Twig opted to go home so they could have private time when Ada did return. Cam waited for her at the kitchen table, trying to read the paper but actually listening for the sound of her steps on the front porch. Maybe the wait was her punishment for everything—drinking too much all those years ago, keeping an ex-lover as a friend, getting cancer, not once but twice.
The sun had faded when she finally heard Ada’s key in the lock, but Cam didn’t get up to turn on the light. From the front room, there was no “Hon, I’m back,” just the sounds of Ada hanging up her coat in the closet and a big sigh. Cam watched Ada move across the room, in and out of her line of vision, then finally turn toward the kitchen with two bags of groceries from Food Lion.
“Why are you sitting
in the dark?” Ada asked, flipping on the bright overhead.
“Too lazy to get up.”
Ada eyed Cam with suspicion, then began opening and closing cabinet doors noisily as she put her purchases away. “Did chemo go okay?” When there was no response, she moved to the refrigerator and chucked the fresh vegetables into the crispers, as if they had been bothering her. “And where’s Twig? Didn’t he want supper after all?”
“He wanted to give us some time alone. Guess who called just a little while ago.”
Ada stopped what she was doing but didn’t turn around. “Who?”
“I think you might be able to guess.”
Ada ran a hand through her hair and slowly faced her. “I went there to see why she left you high and dry,” she explained. “I’ve been seething at her, and I thought I’d just have it out. So imagine my surprise when she springs that on me. I was mortified, completely humiliated. I could hardly see straight to drive. I didn’t deserve that, Cam.”
“Lu’s the one who should be mortified,” Cam said. “It’s just sick that she would tell you such a thing after all these years.”
“She must still love you.”
Cam waved off the suggestion, not caring if it was true or not. “That’s her problem,” Cam said. “I chose you.”
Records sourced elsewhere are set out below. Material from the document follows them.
(* Let $(X,Y)$ be a random pair with $X\in\mathbb{R}^d$ and $Y\in\{+1,-1\}$ with arbitrary joint distribution. Let $\alpha\in[0,1)$ and let $\varphi$ be one of the losses $\varphi_{\mathrm{LR}},\varphi_{\mathrm{LS},\alpha},\varphi_{\mathrm{MLS},\alpha},\varphi_{\mathrm{LSQ}}$, with $\phi(v,y)=\varphi(yv)$. Let $\bar g\in\operatorname{argmin}_{g:\mathbb{R}^d\to\mathbb{R}}\mathbb{E}[\phi(g(X),Y)]$, and let $h(v)=-1$ if $v\le0$ and $h(v)=+1$ if $v>0$. Then $\Pr(h(\bar g(X))\neq Y)=\inf_{f:\mathbb{R}^d\to\{+1,-1\}}\Pr(f(X)\neq Y)$.
   Context: The losses are: $\varphi_{\mathrm{LR}}(v)=-\ln\frac{1}{1+e^{-v}}$; $\varphi_{\mathrm{LS},\alpha}(v)=-(1-\frac{\alpha}{2})\ln\frac{1}{1+e^{-v}}-\frac{\alpha}{2}\ln\frac{1}{1+e^{v}}$; $\varphi_{\mathrm{MLS},\alpha}(v)=-(1-\frac{\alpha}{2})\ln\big(\frac{1-\alpha}{1+e^{-v}}+\frac{\alpha}{2}\big)-\frac{\alpha}{2}\ln\big(\frac{1-\alpha}{1+e^{v}}+\frac{\alpha}{2}\big)$; $\varphi_{\mathrm{LSQ}}(v)=\frac{1}{2(1+e^{v})^2}$. Minimizations/infima are over measurable functions. The left-hand side is the expected zero-one loss (misclassification rate) of the classifier $h\circ\bar g$. *)

From HB Require Import structures.
From mathcomp Require Import all_boot all_order all_algebra.
From mathcomp Require Import all_classical all_reals all_analysis.
Set Implicit Arguments. Unset Strict Implicit. Unset Printing Implicit Defensive.
Import Order.TTheory GRing.Theory Num.Theory.
Local Open Scope ring_scope.

Inductive loss_kind := LR | LS | MLS | LSQ.

Section Losses.
Variable R : realType.

Definition phi_LR (v : R) : R := - ln (1 / (1 + expR (- v))).

Definition phi_LS (alpha v : R) : R :=
  - (1 - alpha / 2) * ln (1 / (1 + expR (- v)))
  - (alpha / 2) * ln (1 / (1 + expR v)).

Definition phi_MLS (alpha v : R) : R :=
  - (1 - alpha / 2) * ln ((1 - alpha) / (1 + expR (- v)) + alpha / 2)
  - (alpha / 2) * ln ((1 - alpha) / (1 + expR v) + alpha / 2).

Definition phi_LSQ (v : R) : R := 1 / (2 * (1 + expR v) ^+ 2).

Definition loss (k : loss_kind) (alpha : R) : R -> R :=
  match k with
  | LR => phi_LR
  | LS => phi_LS alpha
  | MLS => phi_MLS alpha
  | LSQ => phi_LSQ
  end.

Definition hsign (v : R) : R := if v <= 0 then -1 else 1.
End Losses.

From HB Require Import structures.
From mathcomp Require Import all_boot all_order all_algebra.
From mathcomp Require Import all_classical all_reals all_analysis.
From mathcomp Require Import measurable_realfun ring lra.
Import Order.TTheory GRing.Theory Num.Theory.
Set Implicit Arguments. Unset Strict Implicit. Unset Printing Implicit Defensive.
Local Open Scope classical_set_scope.
Local Open Scope ring_scope.

(* Let g minimise the surrogate risk.  Replacing g by -g on a set C of inputs cannot
   lower the risk; where g > 0 this raises the loss of the examples labelled +1 and
   lowers that of the examples labelled -1 by the same flip cost phi(-g) - phi(g) > 0.
   Cutting C into slices on which this cost varies by a factor at most 1/q, and
   letting q -> 1, gives P(X in C, Y = -1) <= P(X in C, Y = +1).  The case g < 0 is
   symmetric, and on {g = 0} one replaces g by a small constant t instead, which the
   slope condition of the loss at 0 makes profitable unless
   P(X in C, Y = +1) <= P(X in C, Y = -1).  So the plug-in classifier h o g beats
   every classifier on each set where the two disagree.  The four losses satisfy
   these conditions: LR, LS and MLS are cross-entropies between a smoothed target
   and a shrunk sigmoid, and LSQ is half a squared sigmoid. *)

Lemma measurable_preimageT (d d' : measure_display) (A : measurableType d)
    (B : measurableType d') (f : A -> B) (S : set B) :
  measurable_fun setT f -> measurable S -> measurable (f @^-1` S).
Proof. by move=> mf mS; rewrite -[_ @^-1` _]setTI; apply: mf. Qed.

Lemma exists_expr_lt (R : realType) (q e : R) : 0 <= q < 1 -> 0 < e ->
  exists N : nat, q ^+ N < e.
Proof.
move=> /andP[q0 q1] e0.
have qn : `|q| < 1 by rewrite ger0_norm.
have [N _ hN] := cvgr0_norm_lt _ (cvg_expr qn) _ e0.
by exists N; have := hN N (leqnn N); rewrite /= ger0_norm // exprn_ge0.
Qed.

Lemma ge0_integralDcst (d : measure_display) (T : measurableType d) (R : realType)
    (mu : {measure set T -> \bar R}) (S : set T) (f : T -> R) (c : R) :
  measurable S -> measurable_fun S f -> (forall w, S w -> 0 <= f w) -> 0 <= c ->
  (\int[mu]_(w in S) (f w + c)%:E = \int[mu]_(w in S) (f w)%:E + c%:E * mu S)%E.
Proof.
move=> mS mf f0 c0; rewrite -integral_cst //.
under eq_integral do rewrite EFinD.
by rewrite ge0_integralD //; exact/measurable_EFinP.
Qed.

Lemma hsign_pm1 (R : realType) (v : R) : hsign v = 1 \/ hsign v = -1.
Proof. by rewrite /hsign; case: ifP; [right|left]. Qed.

Lemma measurable_hsign (R : realType) : measurable_fun setT (@hsign R).
Proof. by apply: measurable_fun_ifT => //; exact: measurable_fun_ler. Qed.

Lemma pm1_neqE (R : realDomainType) (c y : R) : c = 1 \/ c = -1 -> y = 1 \/ y = -1 ->
  c != y <-> y = - c.
Proof. by case=> ->; case=> ->; split => [/eqP|h]; try apply/eqP; lra. Qed.

(* The last clause is a derivative-free form of phi'(0) < 0. *)
Definition calibrated_loss (R : realType) (phi : R -> R) : Prop :=
  [/\ forall v, 0 <= phi v, measurable_fun setT phi,
      forall v, 0 < v -> phi v < phi (- v) &
      forall q, 0 < q < 1 ->
        exists t, phi t < phi 0 /\ q * (phi (- t) - phi 0) <= phi 0 - phi t].

Section Classification.
Variables (R : realType) (dO dT : measure_display) (Omega : measurableType dO)
  (T : measurableType dT) (P : probability Omega R) (X : Omega -> T) (Y : Omega -> R).
Hypotheses (mX : measurable_fun setT X) (mY : measurable_fun setT Y)
  (HY : forall w, Y w = 1 \/ Y w = -1).

Definition joint (C : set T) (y : R) : set Omega := X @^-1` C `&` [set w | Y w = y].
Ada moved to the table and sat down, her forehead lined with worry. “I know you did, and I would have never even brought the thing with Lu up, not now. But I do wonder what else you haven’t told me. Or if this lie about Lu . . .”
“More an omission, I’d say.”
“. . . this omission about Lu is . . . well, I wonder if you’re keeping more from me.”
“This is the honest-to-God truth, Ada. It was just one time with Lu. She was furious with me for a while, but we got past it and mended our friendship. There were good memories with her worth saving, I thought. And I didn’t want to dig it up again by telling you.”